**Work item:** Reproduce the lines below exactly, starting at the one containing "forall M : Atom -> R, is_model M ->" and stopping at the final line.

**Material provided:**
────

(* Consider {\L}ukasiewicz real-valued logic, in which the disjunction $\lor$ has $f_\lor(a,b)=\min\{1,a+b\}$, and let $A_1,A_2$ be distinct atomic propositions. There is no finite Boolean combination (built with classical $\land,\lor,\neg$ over sentences) of sentences of the form $(A_1,S)$ or $(A_2,S)$, with $S\subseteq[0,1]$ arbitrary, that is equivalent to the sentence $(A_1\lor A_2,\{0.5\})$ (i.e., has exactly the same models).
   Context: Setting (real-valued logic). Fix a finite set of atomic propositions, a finite set of binary connectives and a finite set of unary connectives. Each binary connective $\alpha$ comes with a function $f_\alpha:[0,1]^2\to[0,1]$ and each unary connective $\rho$ with a function $f_\rho:[0,1]\to[0,1]$. Formulas are built recursively from atomic propositions using the connectives. A model $M$ assigns a value in $[0,1]$ to each atomic proposition; the value of a compound formula is computed recursively via $f_\alpha$, $f_\rho$. A sentence is $(\sigma_1,\ldots,\sigma_k,S)$ with pairwise distinct formulas $\sigma_i$ and $S\subseteq[0,1]^k$; $M$ satisfies it if the tuple of values of $\sigma_1,\ldots,\sigma_k$ in $M$ lies in $S$. A Boolean combination of sentences is satisfied by $M$ according to the classical truth-table reading of $\land,\lor,\neg$ applied to the satisfaction of its constituent sentences. *)

From Stdlib Require Export Reals List.
Open Scope R_scope.

Inductive formula (Atom : Type) : Type :=
| FAtom : Atom -> formula Atom
| FOr : formula Atom -> formula Atom -> formula Atom
| FNeg : formula Atom -> formula Atom.
Arguments FAtom {Atom} _.
Arguments FOr {Atom} _ _.
Arguments FNeg {Atom} _.

Definition is_model {Atom : Type} (M : Atom -> R) : Prop :=
  forall a, 0 <= M a <= 1.

Fixpoint fval {Atom : Type} (M : Atom -> R) (f : formula Atom) : R :=
  match f with
  | FAtom a => M a
  | FOr f g => Rmin 1 (fval M f + fval M g)
  | FNeg f => 1 - fval M f
  end.

(* Finite Boolean combinations of one-formula sentences (sigma, S). *)
Inductive bcomb (Atom : Type) : Type :=
| BSent : formula Atom -> (R -> Prop) -> bcomb Atom
| BAnd : bcomb Atom -> bcomb Atom -> bcomb Atom
| BOr : bcomb Atom -> bcomb Atom -> bcomb Atom
| BNot : bcomb Atom -> bcomb Atom.
Arguments BSent {Atom} _ _.
Arguments BAnd {Atom} _ _.
Arguments BOr {Atom} _ _.
Arguments BNot {Atom} _.

Fixpoint bsat {Atom : Type} (M : Atom -> R) (b : bcomb Atom) : Prop :=
  match b with
  | BSent f T => T (fval M f)
  | BAnd b1 b2 => bsat M b1 /\ bsat M b2
  | BOr b1 b2 => bsat M b1 \/ bsat M b2
  | BNot b1 => ~ bsat M b1
  end.

Fixpoint only_atoms12 {Atom : Type} (A1 A2 : Atom) (b : bcomb Atom) : Prop :=
  match b with
  | BSent f T =>
      (f = FAtom A1 \/ f = FAtom A2) /\ (forall x, T x -> 0 <= x <= 1)
  | BAnd b1 b2 => only_atoms12 A1 A2 b1 /\ only_atoms12 A1 A2 b2
  | BOr b1 b2 => only_atoms12 A1 A2 b1 /\ only_atoms12 A1 A2 b2
  | BNot b1 => only_atoms12 A1 A2 b1
  end.

From Stdlib Require Import Lra Classical ClassicalEpsilon.

(* Fix the value y of A2.  A Boolean combination b of
   sentences about A1 and A2 alone can only test the value x of A1 against
   finitely many sets S.  Refining an infinite set of candidate values once per
   such test (one half of every split stays infinite) yields an infinite set D
   of values of A1 on which b cannot tell x apart: bsat M b depends only on
   M A2 as long as M A1 ranges over D.  Starting from D = (0, 1/2) we pick two
   distinct x, x' in the refined set; the models (A1, A2) = (x, 1/2 - x) and
   (x', 1/2 - x) are then both models of b or both not, yet A1 \/ A2 takes the
   value 1/2 in the first and a different value in the second. *)

Definition infinite_set (D : R -> Prop) : Prop :=
  forall l : list R, exists x, D x /\ ~ In x l.

Lemma infinite_split (D S : R -> Prop) : infinite_set D ->
  infinite_set (fun x => D x /\ S x) \/ infinite_set (fun x => D x /\ ~ S x).
Proof.
  intros HD.
  destruct (classic (infinite_set (fun x => D x /\ S x))) as [HS | HS];
    [left; exact HS | right].
  apply not_all_ex_not in HS as [l1 Hl1].
  intros l2.
  apply NNPP; intros Hl2.
  destruct (HD (l1 ++ l2)) as [x [Dx Nx]].
  apply Nx, in_or_app.
  destruct (classic (S x)) as [Sx | Sx].
  - left; apply NNPP; intros Nx1; apply Hl1; exists x; auto.
  - right; apply NNPP; intros Nx2; apply Hl2; exists x; auto.
Qed.

Lemma open_interval_infinite (a b : R) : a < b ->
  infinite_set (fun x => a < x < b).
Proof.
  intros Hab l; revert a b Hab.
  induction l as [| y l IH]; intros a b Hab.
  - exists ((a + b) / 2); split; [lra | intros []].
  - destruct (IH a ((a + b) / 2) ltac:(lra)) as [z [Hz Nz]].
    destruct (Req_dec z y) as [-> | Hzy].
    + destruct (IH ((a + b) / 2) b ltac:(lra)) as [w [Hw Nw]].
      exists w; split; [lra |]; intros [E | E]; [lra | auto].
    + exists z; split; [lra |]; intros [E | E]; [congruence | auto].
Qed.

Lemma infinite_two_points (D : R -> Prop) : infinite_set D ->
  exists x x', D x /\ D x' /\ x <> x'.
Proof.
  intros HD.
  destruct (HD nil) as [x [Dx _]].
  destruct (HD (x :: nil)) as [x' [Dx' Nx']].
  exists x, x'; split; [exact Dx | split; [exact Dx' |]].
  intros ->; apply Nx'; left; reflexivity.
Qed.

Section Refinement.

Variables (Atom : Type) (A1 A2 : Atom).

Definition blind_on (D : R -> Prop) (b : bcomb Atom) : Prop :=
  forall M M' : Atom -> R, D (M A1) -> D (M' A1) -> M A2 = M' A2 ->
    (bsat M b <-> bsat M' b).

Lemma blind_on_sub (D D' : R -> Prop) (b : bcomb Atom) :
  (forall x, D' x -> D x) -> blind_on D b -> blind_on D' b.
Proof. intros Hsub Hb M M' H1 H2; apply Hb; auto. Qed.

Lemma blind_on_binary (D : R -> Prop) (b1 b2 : bcomb Atom) :
  blind_on D b1 -> blind_on D b2 ->
  blind_on D (BAnd b1 b2) /\ blind_on D (BOr b1 b2).
Proof.
  intros H1 H2; split; intros M M' D1 D2 E; simpl;
    specialize (H1 M M' D1 D2 E); specialize (H2 M M' D1 D2 E); tauto.
Qed.

Lemma blind_refinement (b : bcomb Atom) : only_atoms12 A1 A2 b ->
  forall D, infinite_set D ->
  exists D', (forall x, D' x -> D x) /\ infinite_set D' /\ blind_on D' b.
Proof.
  induction b as [f T | b1 IH1 b2 IH2 | b1 IH1 b2 IH2 | b1 IH1];
    simpl; intros Hb D HD.
  - destruct Hb as [[-> | ->] _].
    + (* a test on A1: keep the infinite half of D on which T is constant *)
      destruct (infinite_split D T HD) as [HT | HT].
      * exists (fun x => D x /\ T x); split; [intros x []; auto | split; [exact HT |]].
        intros M M' [_ h] [_ h'] _; simpl; tauto.
      * exists (fun x => D x /\ ~ T x); split; [intros x []; auto | split; [exact HT |]].
        intros M M' [_ h] [_ h'] _; simpl; tauto.
    + (* a test on A2 is blind everywhere *)
      exists D; split; [auto | split; [exact HD |]].
      intros M M' _ _ E; simpl; rewrite E; tauto.
  - (* refine for b1, then refine the result for b2 *)
    destruct Hb as [Hb1 Hb2].
    destruct (IH1 Hb1 D HD) as [D1 [s1 [i1 p1]]].
    destruct (IH2 Hb2 D1 i1) as [D2 [s2 [i2 p2]]].
    exists D2; split; [auto | split; [exact i2 |]].
    exact (proj1 (blind_on_binary D2 b1 b2 (blind_on_sub D1 D2 b1 s2 p1) p2)).
  - destruct Hb as [Hb1 Hb2].
    destruct (IH1 Hb1 D HD) as [D1 [s1 [i1 p1]]].
    destruct (IH2 Hb2 D1 i1) as [D2 [s2 [i2 p2]]].
    exists D2; split; [auto | split; [exact i2 |]].
    exact (proj2 (blind_on_binary D2 b1 b2 (blind_on_sub D1 D2 b1 s2 p1) p2)).
  -
    destruct (IH1 Hb D HD) as [D1 [s1 [i1 p1]]].
    exists D1; split; [exact s1 | split; [exact i1 |]].
    intros M M' h h' E; simpl; specialize (p1 M M' h h' E); tauto.
Qed.

Definition model_at (x y : R) (c : Atom) : R :=
  if excluded_middle_informative (c = A1) then x else y.

Lemma model_at_A1 (x y : R) : model_at x y A1 = x.
Proof. unfold model_at; destruct excluded_middle_informative; congruence. Qed.

Lemma model_at_A2 (x y : R) : A1 <> A2 -> model_at x y A2 = y.
Proof. intros Hneq; unfold model_at; destruct excluded_middle_informative; congruence. Qed.

Lemma model_at_is_model (x y : R) : 0 <= x <= 1 -> 0 <= y <= 1 ->
  is_model (model_at x y).
Proof. intros Hx Hy c; unfold model_at; destruct excluded_middle_informative; auto. Qed.

Lemma model_at_or_value (x y : R) : A1 <> A2 -> x + y <= 1 ->
  fval (model_at x y) (FOr (FAtom A1) (FAtom A2)) = x + y.
Proof.
  intros Hneq Hsum; simpl.
  rewrite model_at_A1, (model_at_A2 x y Hneq).
  apply Rmin_right; exact Hsum.
Qed.

End Refinement.

Theorem theorem1 (Atom : Type) (Hfin : exists l : list Atom, forall a, In a l)
  (A1 A2 : Atom) (Hneq : A1 <> A2) :
  ~ exists b : bcomb Atom,
      only_atoms12 A1 A2 b /\
      forall M : Atom -> R, is_model M ->
        (bsat M b <-> fval M (FOr (FAtom A1) (FAtom A2)) = 1/2).
Proof.
  intros [b [Hb Hdef]].
  destruct (blind_refinement Atom A1 A2 b Hb (fun x => 0 < x < 1/2)
              (open_interval_infinite 0 (1/2) ltac:(lra)))
    as [D [HsubD [HinfD Hblind]]].
  destruct (infinite_two_points D HinfD) as [x [x' [Dx [Dx' Hxx']]]].
  pose proof (HsubD x Dx) as Hx; pose proof (HsubD x' Dx') as Hx'.
  set (M := model_at Atom A1 x (1/2 - x)).
  set (M' := model_at Atom A1 x' (1/2 - x)).
  assert (HM : is_model M) by (apply model_at_is_model; lra).
  assert (HM' : is_model M') by (apply model_at_is_model; lra).
  assert (Hsat : bsat M b).
  { apply (Hdef M HM); unfold M; rewrite model_at_or_value; [lra | exact Hneq | lra]. }
  assert (Hsat' : bsat M' b).
  { apply (Hblind M M'); [| | | exact Hsat]; unfold M, M';
      rewrite ?model_at_A1, ?model_at_A2; auto. }
  apply (Hdef M' HM') in Hsat'.
  unfold M' in Hsat'; rewrite model_at_or_value in Hsat'; [lra | exact Hneq | lra].
Qed.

────

**Response for this exercise:**
      forall M : Atom -> R, is_model M ->
        (bsat M b <-> fval M (FOr (FAtom A1) (FAtom A2)) = 1/2).
Proof.
  intros [b [Hb Hdef]].
  destruct (blind_refinement Atom A1 A2 b Hb (fun x => 0 < x < 1/2)
              (open_interval_infinite 0 (1/2) ltac:(lra)))
    as [D [HsubD [HinfD Hblind]]].
  destruct (infinite_two_points D HinfD) as [x [x' [Dx [Dx' Hxx']]]].
  pose proof (HsubD x Dx) as Hx; pose proof (HsubD x' Dx') as Hx'.
  set (M := model_at Atom A1 x (1/2 - x)).
  set (M' := model_at Atom A1 x' (1/2 - x)).
  assert (HM : is_model M) by (apply model_at_is_model; lra).
  assert (HM' : is_model M') by (apply model_at_is_model; lra).
  assert (Hsat : bsat M b).
  { apply (Hdef M HM); unfold M; rewrite model_at_or_value; [lra | exact Hneq | lra]. }
  assert (Hsat' : bsat M' b).
  { apply (Hblind M M'); [| | | exact Hsat]; unfold M, M';
      rewrite ?model_at_A1, ?model_at_A2; auto. }
  apply (Hdef M' HM') in Hsat'.
  unfold M' in Hsat'; rewrite model_at_or_value in Hsat'; [lra | exact Hneq | lra].
Qed.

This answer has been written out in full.